Vol.2 Levelised Unit Electricity Cost of Wind Power and Alternate Technologies Table of Contents Vol. II
Vol.3 Integrating Wind Power into Electricity Systems: Issues and Challenges Table of Contents Vol. III
In recent years increasing world-wide awareness and concern over air quality has created a move towards more environmentally friendly electricity generation sources such as wind power. In keeping with this broader global trend, interest in renewable sources of energy for electricity generation is growing across Canada, as provinces seek clean and cost effective alternatives to traditional generation from fossil fuels.
Wind power is one of the fastest growing energy sectors in the world, with annual growth rates averaging more then 25 percent for over a decade. In fact, Canada became only the twelfth country in the world to have installed capacity of wind power of more than 1000 MW (1 GW) last year.

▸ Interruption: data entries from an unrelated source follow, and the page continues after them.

(* Let $\phi$ be any random number generation algorithm for $Y^n$ from the coin process $\mathbf X$ that satisfies the validity condition, and let $T$ be its stopping time. Then for every integer $m\ge 0$ and all real numbers $\tau,\lambda\ge 0$, \[ \Pr(T>m)\ \ge\ P_{Y^n}(\mathcal T_n^c(\tau)) - P_{X^m}(\mathcal S_m(\lambda)) - 2^{-\tau+\lambda} \ =\ P_{X^m}(\mathcal S_m^c(\lambda)) - P_{Y^n}(\mathcal T_n(\tau)) - 2^{-\tau+\lambda}, \] where \[ \mathcal S_m(\lambda)=\Big\{x^m\in\mathcal X^m:\log\tfrac{1}{P_{X^m}(x^m)}\ge\lambda\Big\},\qquad \mathcal T_n(\tau)=\Big\{y^n\in\mathcal Y^n:\log\tfrac{1}{P_{Y^n}(y^n)}\le\tau\Big\}, \] and complements are taken in $\mathcal X^m$ and $\mathcal Y^n$ respectively.
   Context: Logarithms are base 2. Let $\mathcal X=\{1,\dots,M\}$ and $\mathcal Y=\{1,\dots,N\}$ be finite sets. The coin process $\mathbf X=\{X^m=(X_1,\dots,X_m)\}_{m\ge1}$ is a sequence of random vectors with distributions $P_{X^m}$ on $\mathcal X^m$ that are consistent ($\sum_{x_{m+1}}P_{X^{m+1}}(x^m,x_{m+1})=P_{X^m}(x^m)$), i.e. the finite-dimensional marginals of one random sequence $X_1,X_2,\dots$ (arbitrary, not necessarily stationary or ergodic); the target process $\mathbf Y=\{Y^n\}_{n\ge1}$ on $\mathcal Y$ is defined likewise. A random number generation (RNG) algorithm for $Y^n$ is a map $\phi:\bigcup_{i\ge0}\mathcal X^i\to\{\bot\}\cup\mathcal Y^n$, where $\mathcal X^0=\{\bot\}$ consists of the empty sequence. Its set of leaves $\mathcal L_\phi$ is the set of finite sequences $s$ with $\phi(s)\in\mathcal Y^n$ and $\phi(s')=\bot$ for every proper prefix $s'$ of $s$; $|s|$ is the length of $s$. For $x^m\in\mathcal X^m$ one writes $\phi(x^m)=y^n$ if some prefix $x^i$ ($i\le m$) of $x^m$ is a leaf with $\phi(x^i)=y^n$, and $\phi(x^m)=\bot$ otherwise. The stopping time $T$ is the smallest integer $m\ge0$ with $\phi(X^m)\in\mathcal Y^n$ ($T=\infty$ if there is none). The algorithm satisfies the validity condition if $\sum_{s\in\mathcal L_\phi:\,\phi(s)=y^n}P_{X^{|s|}}(s)=P_{Y^n}(y^n)$ for every $y^n\in\mathcal Y^n$ (equivalently $\lim_{m\to\infty}\Pr(\phi(X^m)=y^n)=P_{Y^n}(y^n)$). *)

From Stdlib Require Import Reals.
From HB Require Import structures.
From mathcomp Require Import all_boot.
Set Implicit Arguments. Unset Strict Implicit. Unset Printing Implicit Defensive.

Lemma Rplus_assoc' : associative Rplus.
Proof. by move=> a b c; rewrite Rplus_assoc. Qed.
HB.instance Definition _ := Monoid.isComLaw.Build R R0 Rplus
  Rplus_assoc' Rplus_comm Rplus_0_l.

Local Open Scope R_scope.

Definition log2 (x : R) : R := ln x / ln 2.

(* A process on the finite alphabet 'I_K is given by the family of its
   finite-dimensional marginals, P s = P_{X^{|s|}}(s) for s : seq 'I_K. *)
Definition is_process (K : nat) (P : seq 'I_K -> R) : Prop :=
  P [::] = 1 /\
  (forall s, 0 <= P s) /\
  (forall m : nat, (0 < m)%N ->
     \big[Rplus/R0]_(s : m.-tuple 'I_K) P (tval s) = 1) /\
  (forall (m : nat) (s : m.-tuple 'I_K), (0 < m)%N ->
     \big[Rplus/R0]_(a : 'I_K) P (rcons (tval s) a) = P (tval s)).

(* An RNG algorithm phi : (finite sequences over 'I_M) -> {bot} U 'I_N^n,
   with None standing for bot. *)
Definition rng_alg (M N n : nat) := seq 'I_M -> option (n.-tuple 'I_N).

Definition is_leaf (M N n : nat) (phi : rng_alg M N n) (s : seq 'I_M) : bool :=
  isSome (phi s) && all (fun i => ~~ isSome (phi (take i s))) (iota 0 (size s)).

(* Extended output phi(x^m): the output of the leaf that is a prefix of x^m
   (if any), else bot. *)
Definition phi_out (M N n : nat) (phi : rng_alg M N n) (x : seq 'I_M)
  : option (n.-tuple 'I_N) :=
  match [seq take i x | i <- iota 0 (size x).+1 & is_leaf phi (take i x)] with
  | s :: _ => phi s
  | [::] => None
  end.

(* Validity condition: for all y^n, sum over leaves s with phi(s) = y^n of
   P_{X^{|s|}}(s) equals P_{Y^n}(y^n); the countable sum of nonnegative terms
   is taken grouped by leaf length. *)
Definition valid (M N n : nat) (PX : seq 'I_M -> R) (PY : seq 'I_N -> R)
  (phi : rng_alg M N n) : Prop :=
  forall y : n.-tuple 'I_N,
    infinite_sum
      (fun k => \big[Rplus/R0]_(s : k.-tuple 'I_M |
                   is_leaf phi (tval s) && (phi (tval s) == Some y)) PX (tval s))
      (PY (tval y)).
(* Interval [m, n) with n : option nat, None = omega. *)
Inductive formula (A : Type) : Type :=
| Atom : A -> formula A
| Bot : formula A
| And : formula A -> formula A -> formula A
| Or : formula A -> formula A -> formula A
| Impl : formula A -> formula A -> formula A
| Prev : nat -> option nat -> formula A -> formula A
| Since : nat -> option nat -> formula A -> formula A -> formula A
| Trigger : nat -> option nat -> formula A -> formula A -> formula A
| Next : nat -> option nat -> formula A -> formula A
| Until : nat -> option nat -> formula A -> formula A -> formula A
| Release : nat -> option nat -> formula A -> formula A -> formula A.

Arguments Bot {A}.

Definition Neg {A} (f : formula A) : formula A := Impl f Bot.
Definition Top {A} : formula A := Neg Bot.
Definition WNext {A} m n (f : formula A) : formula A := Or (Next m n f) (Neg (Next m n Top)).
Definition WPrev {A} m n (f : formula A) : formula A := Or (Prev m n f) (Neg (Prev m n Top)).

(* closed interval [m, n] with n a natural number abbreviates [m, n+1) *)
Definition cl (n : nat) : option nat := Some (S n).

Definition bigOr {A} (l : list (formula A)) : formula A := fold_right (@Or A) Bot l.
Definition bigAnd {A} (l : list (formula A)) : formula A := fold_right (@And A) Top l.

(* Timed HT-trace; len = None means length omega. *)
Record trace (A : Type) := mkTrace {
  len : option nat;
  tH : nat -> A -> Prop;
  tT : nat -> A -> Prop;
  tau : nat -> nat
}.

Definition lt_len (l : option nat) (k : nat) : Prop :=
  match l with None => True | Some n => k < n end.

Definition in_int (m : nat) (n : option nat) (d : nat) : Prop :=
  m <= d /\ match n with None => True | Some n => d < n end.

Definition timed_trace {A} (M : trace A) : Prop :=
  (forall i, lt_len (len M) i -> forall p, tH M i p -> tT M i p) /\
  tau M 0 = 0 /\
  (forall i, lt_len (len M) (S i) -> tau M i <= tau M (S i)).

Definition strict_trace {A} (M : trace A) : Prop :=
  timed_trace M /\ (forall i, lt_len (len M) (S i) -> tau M i < tau M (S i)).

(* sat M w k f: w = false evaluates in <H,T>, w = true in <T,T>. *)
Fixpoint sat {A} (M : trace A) (w : bool) (k : nat) (f : formula A) : Prop :=
  match f with
  | Atom p => if w then tT M k p else tH M k p
  | Bot => False
  | And f1 f2 => sat M w k f1 /\ sat M w k f2
  | Or f1 f2 => sat M w k f1 \/ sat M w k f2
  | Impl f1 f2 => forall w', (w' = w \/ w' = true) -> sat M w' k f1 -> sat M w' k f2
  | Prev m n f1 => 0 < k /\ sat M w (k - 1) f1 /\ in_int m n (tau M k - tau M (k - 1))
  | Since m n f1 f2 => exists j, j <= k /\ in_int m n (tau M k - tau M j) /\
        sat M w j f2 /\ (forall i, j < i <= k -> sat M w i f1)
  | Trigger m n f1 f2 => forall j, j <= k -> in_int m n (tau M k - tau M j) ->
        sat M w j f2 \/ (exists i, j < i <= k /\ sat M w i f1)
  | Next m n f1 => lt_len (len M) (S k) /\ sat M w (S k) f1 /\ in_int m n (tau M (S k) - tau M k)
  | Until m n f1 f2 => exists j, k <= j /\ lt_len (len M) j /\ in_int m n (tau M j - tau M k) /\
        sat M w j f2 /\ (forall i, k <= i < j -> sat M w i f1)
  | Release m n f1 f2 => forall j, k <= j -> lt_len (len M) j -> in_int m n (tau M j - tau M k) ->
        sat M w j f2 \/ (exists i, k <= i < j /\ sat M w i f1)
  end.

Definition models {A} (M : trace A) (k : nat) (f : formula A) : Prop := sat M false k f.

Definition equiv_strict {A} (a b : formula A) : Prop :=
  forall M : trace A, strict_trace M -> forall k, lt_len (len M) k ->
    (models M k a <-> models M k b).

This growth is fueled by a combination of (a) cost reductions from economies of scale and technology alliances, (b) increased demand for emissions-free electricity, and (c) higher prices of alternate energy sources.
The development of wind power offers significant opportunities, as Canadians—individually and at all levels of government—make sustainable development and a clean environment a much higher priority. The quality of wind resources is specific to each location, and large-scale wind farms in Canada are only a recent phenomenon. The costs/benefits of wind power have yet to be fully defined. This CERI study provides a much-needed objective, independent and reliable assessment of the issues, examining the role of wind power development in Canada’s energy mix, and identifying the key costs and economics issues critical to understanding wind power as a viable alternative renewable energy source.
Did you know…?
The AESO has received expressions of interest in wind power totaling over 3000 MW? Some wind regimes in Alberta are cost competitive with Natural Gas?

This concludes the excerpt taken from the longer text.